Das LG München hatte in seinem zugrundeliegenden Urteil die Online-Nutzung von Google Fonts mit der Begründung untersagt, dass dabei unerlaubt personenbezogene Daten an Google in die USA weitergegeben werden. Der Seitenbetreiber könne sich nicht auf sein berechtigtes Interesse an dieser Form der Verarbeitung berufen, da es insbesondere aufgrund der Möglichkeit des lokalen Hostens der Fonts auf eigenen Servern keine zwingende Notwendigkeit zur Weitergabe personenbezogener Daten der Nutzer an Google bestehe. Ein Seitenbetreiber verletze das Recht des Nutzers auf informationelle Selbstbestimmung, indem er die IP-Adresse des Besuchers beim Aufruf der Seite an Google weiterleitete. Einem Nutzer stehe somit ein Unterlassungsanspruch zu.

 

Soweit ist die Argumentation des Gerichts nachvollziehbar … aber das LG München hat dem Besucher der Website auch noch einen Schadensersatzanspruch in Höhe von 100 Euro zugebilligt.
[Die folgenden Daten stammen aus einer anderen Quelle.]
Definition primitive (A : vert Q) : Prop :=
  forall B, ancestor B A -> isotypic B A.

Definition full_evolution (X : vert Q) (m : nat) (f : nat -> vert Q) : Prop :=
  evolution m f /\ primitive (f 0) /\ f m = X.

(* has_height X n : h(X) = n (finite). h(X) = infinity iff no n satisfies it. *)
Definition has_height (X : vert Q) (n : nat) : Prop :=
  (exists f, full_evolution X n f) /\
  (forall m f, full_evolution X m f -> n <= m).

Definition embeds (m : nat) (f : nat -> vert Q) (n : nat) (g : nat -> vert Q) : Prop :=
  m <= n /\
  exists r : nat -> nat,
    (forall k, k < m -> r k < r (S k)) /\ r m <= n /\
    (forall k, k <= m -> isotypic (f k) (g (r k))).

Definition universal_evolution (X : vert Q) (m : nat) (f : nat -> vert Q) : Prop :=
  full_evolution X m f /\
  (forall n g, full_evolution X n g -> embeds m f n g).

Definition phylogenetic_vertex (X : vert Q) : Prop :=
  exists m f, universal_evolution X m f.

(* h(A) >= h(B), with the convention that infinity is the largest value *)
Definition height_ge (A B : vert Q) : Prop :=
  forall n, has_height A n -> exists m, has_height B m /\ m <= n.

Definition monotonous : Prop :=
  forall A B, edge Q A B -> height_ge A B.

(* Smallness is automatic in type theory (vertices form a type). *)
Definition phylogenetic_quiver : Prop :=
  monotonous /\ forall X, phylogenetic_vertex X.

(* parent B D : p([B]) = [D], via a universal evolution of B of length >= 1 *)
Definition parent (B D : vert Q) : Prop :=
  exists l f, universal_evolution B l f /\ 1 <= l /\ isotypic (f (l - 1)) D.

Fixpoint parent_iter (k : nat) (B C : vert Q) : Prop :=
  match k with
  | 0 => isotypic B C
  | S k' => exists D, parent B D /\ parent_iter k' D C
  end.

End Q.

Definition clade (Q : quiver) (A : vert Q) : quiver :=
  {| vert := { B : vert Q | ancestor Q A B };
     edge := fun x y => edge Q (proj1_sig x) (proj1_sig y) |}.

From Stdlib Require Import Arith Lia ProofIrrelevance.

(* Iterating the parental map walks back along a universal evolution g of B:
   a universal evolution of a vertex isotypic to g j is termwise isotypic to
   the prefix of g up to j.  Hence g passes through the class of A at index m,
   and the tail of g from there lies in the clade and starts at a vertex that
   is primitive in the clade.  This tail is universal for B in the clade:
   prefixing a full evolution of B in the clade with a full evolution of A of
   length m gives a full evolution of B in the whole quiver, into which g
   embeds, and heights force that embedding to send indices >= m into the
   appended part. *)

Lemma increasing_gap (r : nat -> nat) (M : nat) :
  (forall k, k < M -> r k < r (S k)) ->
  forall i j, i <= j <= M -> r i + (j - i) <= r j.
Proof.
  intros Hr i j. induction j as [|j IH]; intros Hij.
  - replace i with 0 by lia. lia.
  - destruct (Nat.eq_dec i (S j)) as [->|Hne]; [lia|].
    specialize (IH ltac:(lia)). specialize (Hr j ltac:(lia)). lia.
Qed.
Definition fps_const (c : R) : fps := fun n => if n == 0%N then c else 0.
Definition fps_X : fps := fun n => if n == 1%N then 1 else 0.
Definition fps_add (f g : fps) : fps := fun n => f n + g n.
Definition fps_opp (f : fps) : fps := fun n => - f n.
Definition fps_scal (c : R) (f : fps) : fps := fun n => c * f n.
Definition fps_mul (f g : fps) : fps :=
  fun n => \sum_(i < n.+1) f i * g (n - i)%N.
(* substitution z |-> c z *)
Definition fps_subst_scal (c : R) (f : fps) : fps := fun n => c ^+ n * f n.

Fixpoint inv_coefs (f : fps) (n : nat) : seq R :=
  match n with
  | 0%N => [:: (f 0%N)^-1]
  | n'.+1 => let s := inv_coefs f n' in
      rcons s (- (f 0%N)^-1 *
               \sum_(1 <= i < n'.+2) f i * nth 0 s (n'.+1 - i)%N)
  end.
Definition fps_inv (f : fps) : fps := fun n => nth 0 (inv_coefs f n) n.

Definition s_coef (k i : nat) : R :=
  (k.-1)%:R / (k * i).-1%:R * ('C((k * i).-1, i.-1))%:R.
Definition S_fps (k : nat) : fps := fun i => if i == 0%N then 0 else s_coef k i.

Definition M_fps (k : nat) (p : R) : fps :=
  fun n => if n == 0%N then 0 else M k n p.

Definition rhs_fps (k : nat) (p : R) : fps :=
  let q := 1 - p in
  let one_minus_z := fps_add (fps_const 1) (fps_opp fps_X) in
  fps_add
    (fps_scal (k%:R - q^-1)
       (fps_mul fps_X (fps_inv (fps_mul one_minus_z one_minus_z))))
    (fps_scal (p / q)
       (fps_mul (fps_mul fps_X (fps_inv one_minus_z))
          (fps_inv (fps_add (fps_const 1)
             (fps_opp (fps_scal q^-1
                (fps_subst_scal (p ^+ k.-1 * q) (S_fps k)))))))).
End Matchbox.

From mathcomp Require Import all_boot all_order all_algebra.
From mathcomp Require Import reals.
From mathcomp Require Import ring zify.
Import Order.TTheory GRing.Theory Num.Theory.
Set Implicit Arguments. Unset Strict Implicit. Unset Printing Implicit Defensive.

(* Up to the order of the boxes, every configuration reached from [n] equal
   boxes consists of one box holding the minimum [a] and [k - 1 = m] boxes
   differing by at most one, with some total excess [D] over [m a]. Taking from
   a largest box lowers [D] by one; taking from the smallest one lowers [a] and
   raises [D] by [m]. The expected residue is therefore the solution of a
   linear recursion in [(a, D)], which is solved by cutting the process at its
   visits to uniform configurations ([D = 0]): from excess [D], the weight of
   first reaching one after [j] removals from the smallest box is a generalized
   ballot number times [p^(D + m j) q^j], and the levels of the successive
   uniform configurations form a renewal sequence whose generating function is
   [1 / (1 - S(p^m q z) / q)]. Summing over visited levels produces the factor
   [z / (1 - z)], and the drift of the residue produces [z / (1 - z)^2 (k - 1/q)]. *)

Lemma box_max_eq s v : v \in s -> {in s, forall x, x <= v} -> box_max s = v.
Proof.
move=> vs sv; apply/eqP; rewrite eqn_leq; apply/andP; split.
  by apply/bigmax_leqP_seq => x xs _; apply: sv.
exact: (leq_bigmax_seq (F := id) v vs).
Qed.

Lemma box_max_cons a s x : x \in s -> a <= x -> box_max (a :: s) = box_max s.
Proof.
move=> xs ax; rewrite /box_max big_cons; apply/maxn_idPr.
exact: leq_trans ax (leq_bigmax_seq (F := id) x xs _).
Qed.

Lemma box_max_in s : s != [::] -> box_max s \in s.
Proof.
rewrite /box_max; elim: s => [//|y s IH] _; rewrite big_cons.
have [->|s0] := eqVneq s [::]; first by rewrite big_nil maxn0 mem_head.
by rewrite in_cons /maxn; case: ltnP => _; rewrite ?eqxx // IH ?orbT.
Qed.

Lemma box_min_le s x : x \in s -> box_min s <= x.
Proof.
rewrite /box_min; move: (head 0 s) => y.
elim: s => [//|z s IH]; rewrite inE big_cons => /orP[/eqP->|/IH].
  exact: geq_minl.
exact: leq_trans (geq_minr _ _).
Qed.

Lemma box_min_in s : s != [::] -> box_min s \in s.
Proof.
case: s => [//|y s _]; rewrite /box_min /=.
suff : \big[minn/y]_(x <- y :: s) x \in y :: y :: s by rewrite !inE orbA orbb.
elim: (y :: s) => [|z t IH]; first by rewrite big_nil mem_head.
rewrite big_cons /minn; case: ltnP => _; first by rewrite !inE eqxx orbT.
by move: IH; rewrite !inE => /orP[->|->]; rewrite ?orbT.
Qed.

Lemma box_min_eq s v : v \in s -> {in s, forall x, v <= x} -> box_min s = v.
Proof.
move=> vs sv; apply/eqP; rewrite eqn_leq (box_min_le vs) /=.
by apply: sv; apply: box_min_in; case: s vs.
Qed.

Lemma box_max_perm s t : perm_eq s t -> box_max s = box_max t.
Proof. exact: perm_big. Qed.

Lemma box_min_perm s t : perm_eq s t -> box_min s = box_min t.
Proof.
case: s => [|y s] st; first by case: t st => // ? ? /perm_size.
have t0 : t != [::] by case: t st => // /perm_size.
apply: box_min_eq; first by rewrite (perm_mem st) box_min_in.
by move=> x; rewrite (perm_mem st); apply: box_min_le.
Qed.

Lemma perm_rem (x : nat) s t : perm_eq s t -> perm_eq (rem x s) (rem x t).
Proof. by move=> st; apply/permP => P; rewrite !count_rem (permP st) (perm_mem st). Qed.

Lemma perm_rem_cons (x a : nat) s : x \in s -> perm_eq (rem x (a :: s)) (a :: rem x s).
Proof.
move=> xs; apply/permP => P; rewrite !count_rem in_cons xs orbT /=.
rewrite (permP (perm_to_rem xs)) /=; lia.
Qed.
Der mit der Datenübermittlung an Google verbundene Eingriff in das allgemeine Persönlichkeitsrecht sei im Hinblick auf den Kontrollverlust des Klägers über ein personenbezogenes Datum an Google, ein Unternehmen, das bekanntermaßen Daten über seine Nutzer sammele und das damit vom Kläger empfundene individuelle Unwohlsein so erheblich, dass ein Schadensersatzanspruch gerechtfertigt ist.

 

Die Frage, welche Intensität ein solcher Eingriff in das Persönlichkeitsrecht haben muss, um ein Schmerzensgeld auszulösen, ist jedoch hoch umstritten. In der Fachliteratur wird die Entscheidung aus München überwiegend als überzogen kritisiert.

 

Soweit der Abmahnende die abgemahnte Webseite zudem nur aus dem Grunde aufgesucht, um eine Abmahnung platzieren zu können, wäre die Abmahnung auch noch rechtsmissbräuchlich.